Tag: command

  • cld2 – Google’s Compact Language Detector 2 – standalone command line on Cent OS

    It appears that cld2 has no mention of how one would go about using it (or at-least that is the way it looks to me). The language detection ability is one of the better ones, and I decided to make use of it.

    I came across a blog mentioning how to install cld2 on ubuntu but it just fell short of using it directly through a command line. It mentions how to build a Python binding.

    Luckily, I also came across another blog where a Slackware script mentions building a command line tool which is perfectly what I was looking for, except that I had CentOS, not Slackware.

    So with a little bit of digging around the various compile scripts on cld2’s SVN trunk, I got a faint sense of combining the ideas from these two blogs, and give it a try. I succeeded! Here’s what I did

    1. Get g++, it is required to build cld2 on your CentOS machine
      $ /usr/bin/sudo /usr/bin/yum install gcc-c++
      ...
      $ which g++
      /usr/bin/g++
      
    2. Get the cld2 source through SVN on your local CentOS machine. In my case I used /tmp folder
      $ pwd
      /tmp
      $ svn checkout http://cld2.googlecode.com/svn/trunk/ cld2
    3. Next, make a copy of one of the already existing compile scripts to make a few changes, specifically compile_libs.sh. The step is mentioned already in how to install cld2 on ubuntu. I use 32-bit, hence I use the same step remove the -m64 flag.
      $ pwd
      /tmp/cld2/internal
      $ cat compile_libs.sh | sed 's/\ \-m64\ //g' 1> compile_libs_32bit.sh
      
    4. To make a standalone cld2 executable, again I followed the steps from Slackware script example. I made following changes to my copied compile script. Here’s a diff of what changes I made from compile_libs.sh to my custom compile_libs_32bit.sh script
      https://gist.github.com/visitsb/8affec514ef5829c6bd0/revisions
    5. That’s it! Now compile_libs_32bit.sh is ready to build a standalone cld2 executable on your machine.

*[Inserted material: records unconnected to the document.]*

(* If [g k *~ n = lincomb g k b] generates the relations involving [g k], any
   [ck] with [n * ck = lincomb c k b] modulo [Z] extends [c]. *)
Lemma pcharacter_extend p k c : prime p -> pcharacter p k c ->
  exists ck, pcharacter p k.+1 (fun i => if i == k then ck else c i).
Proof.
move=> p_pr [c_pden c_rel]; have [n [[b gkn] n_dvd]] := span_annihilator k.
have cb_pden : pden p (lincomb c k b).
  by apply: pden_sum => i; apply/pdenMz/c_pden.
have [ck ck_pden ck_div] : exists2 ck, pden p ck & n%:R * ck - lincomb c k b \is a Num.int.
  have [n0 | n_gt0] := posnP n; last exact: pden_divn.
  exists 0; first exact/pden_int/rpred0.
  by rewrite mulr0 sub0r rpredN c_rel // -gkn n0 mulr0z.
exists ck; split=> [i | a a_rel].
  by rewrite ltnS leq_eqVlt; case: eqP => //= _ /c_pden.
have [q akE] : exists q, a k = q * n%:Z.
  apply/dvdzP/n_dvd; have -> : g k *~ a k = 0 - lincomb g k a.
    by rewrite sub0r; apply/eqP; rewrite -addr_eq0 addrC -lincombS a_rel.
  by apply: in_spanB; [apply: in_span0 | exists a].
have rel_k : lincomb g k (fun i => a i + q * b i) = 0.
  by rewrite lincombD lincombMz -gkn mulrzA_C -akE -lincombS.
have := c_rel _ rel_k; rewrite lincombD lincombMz => ab_int.
rewrite lincombS eqxx (eq_lincomb (w := c)); last by move=> i /ltn_eqF ->.
have -> : lincomb c k a + ck *~ a k =
    (lincomb c k a + lincomb c k b *~ q) + (n%:R * ck - lincomb c k b) *~ q.
  by rewrite akE; ring.
by rewrite rpredD // rpredMz.
Qed.

(* Take [c 0 = 1/p] for a prime [p] dividing the order of [g 0] (any prime if
   that order is infinite). *)
Lemma pcharacter_init : g 0 != 0 ->
  exists p c, [/\ prime p, pcharacter p 1 c & c 0%N \isn't a Num.int].
Proof.
move=> g0_neq0; have [n [gn n_dvd]] := span_annihilator 0.
have span0 x : in_span 0 x -> x = 0 by move=> [a ->]; rewrite /lincomb big_ord0.
have [p p_pr p_dvd] : exists2 p, prime p & (p %| n)%N.
  case: n gn {n_dvd} => [|[|n]] gn; first by exists 2%N.
    by move: g0_neq0; rewrite -[g 0]mulr1z (span0 _ gn) eqxx.
  by exists (pdiv n.+2); rewrite ?pdiv_prime ?pdiv_dvd.
have p_gt0 : 0 < p%:R :> rat by rewrite ltr0n prime_gt0.
exists p, (fun=> p%:R^-1); split=> //.
  split=> [i _ | a]; first by exists 1%N; rewrite expn1 mulVf ?gt_eqF.
  rewrite /lincomb !big_ord1 => ga0.
  have /dvdzP [q ->] : (p%:Z %| a 0%N)%Z.
    apply: (@dvdz_trans n%:Z) (n_dvd _ _); first exact: p_dvd.
    by rewrite [g 0 *~ _]ga0; apply: in_span0.
  by rewrite mulrC mulrzA -pmulrn -[_ *+ p]mulr_natr mulVf ?gt_eqF // rpredMz ?rpred1.
apply/negP => /norm_intr_ge1 /(_ (invr_neq0 (lt0r_neq0 p_gt0))).
by rewrite ger0_norm ?invr_ge0 ?ler0n // invf_ge1 // lern1 leqNgt prime_gt1.
Qed.

Lemma pcharacter_exists k : g 0 != 0 ->
  exists p c, [/\ prime p, pcharacter p k.+1 c & c 0%N \isn't a Num.int].
Proof.
move=> g0_neq0; elim: k => [|k [p [c [p_pr c_char c0]]]]; first exact: pcharacter_init.
have [ck ck_char] := pcharacter_extend p_pr c_char.
by exists p, (fun i => if i == k.+1 then ck else c i).
Qed.

End CharacterExtension.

It is just a matter of executing your custom compile_libs_32bit.sh script now
      $ chmod u+x compile_libs_32bit.sh
      $ ./compile_libs_32bit.sh
      
    6. It takes a few mins to build, and voila, you have a standalone cld2 executable built, and installed on your machine.
      $ which cld2
      /usr/local/bin/cld2
      $ echo "Hello World こんにちは γει? σου" | cld2
      ExtLanguage Japanese(35% 3904p), GREEK(33% 1024p), ENGLISH(27% 1194p), 45/43 bytes of non-tag letters, Summary: Japanese*
        SummaryLanguage Japanese(un-reliable) at 8391021 of 43 562us (0 MB/sec), (null)
      
    7. For the record, here is what get’s installed
      $ which cld2
      /usr/local/bin/cld2
      $ ls -l /usr/include/cld2/*
      /usr/include/cld2/internal:
      total 52
      -rw-r--r--. 1 root root 28159 Jun 20 17:49 generated_language.h
      -rw-r--r--. 1 root root  5839 Jun 20 17:49 generated_ulscript.h
      -rw-r--r--. 1 root root   945 Jun 20 17:49 integral_types.h
      -rw-r--r--. 1 root root  8326 Jun 20 17:49 lang_script.h
      
      /usr/include/cld2/public:
      total 24
      -rw-r--r--. 1 root root 14850 Jun 20 17:49 compact_lang_det.h
      -rw-r--r--. 1 root root  7056 Jun 20 17:49 encodings.h
      $ 
      $ ls -l /usr/lib/libcld2*
      -rwxr-xr-x. 1 root root 6457627 Jun 20 17:49 /usr/lib/libcld2_full.so
      -rwxr-xr-x. 1 root root 1742462 Jun 20 17:49 /usr/lib/libcld2.so
      $ 
      

    Hope this helps someone, and kudos to cld2 for being awesome!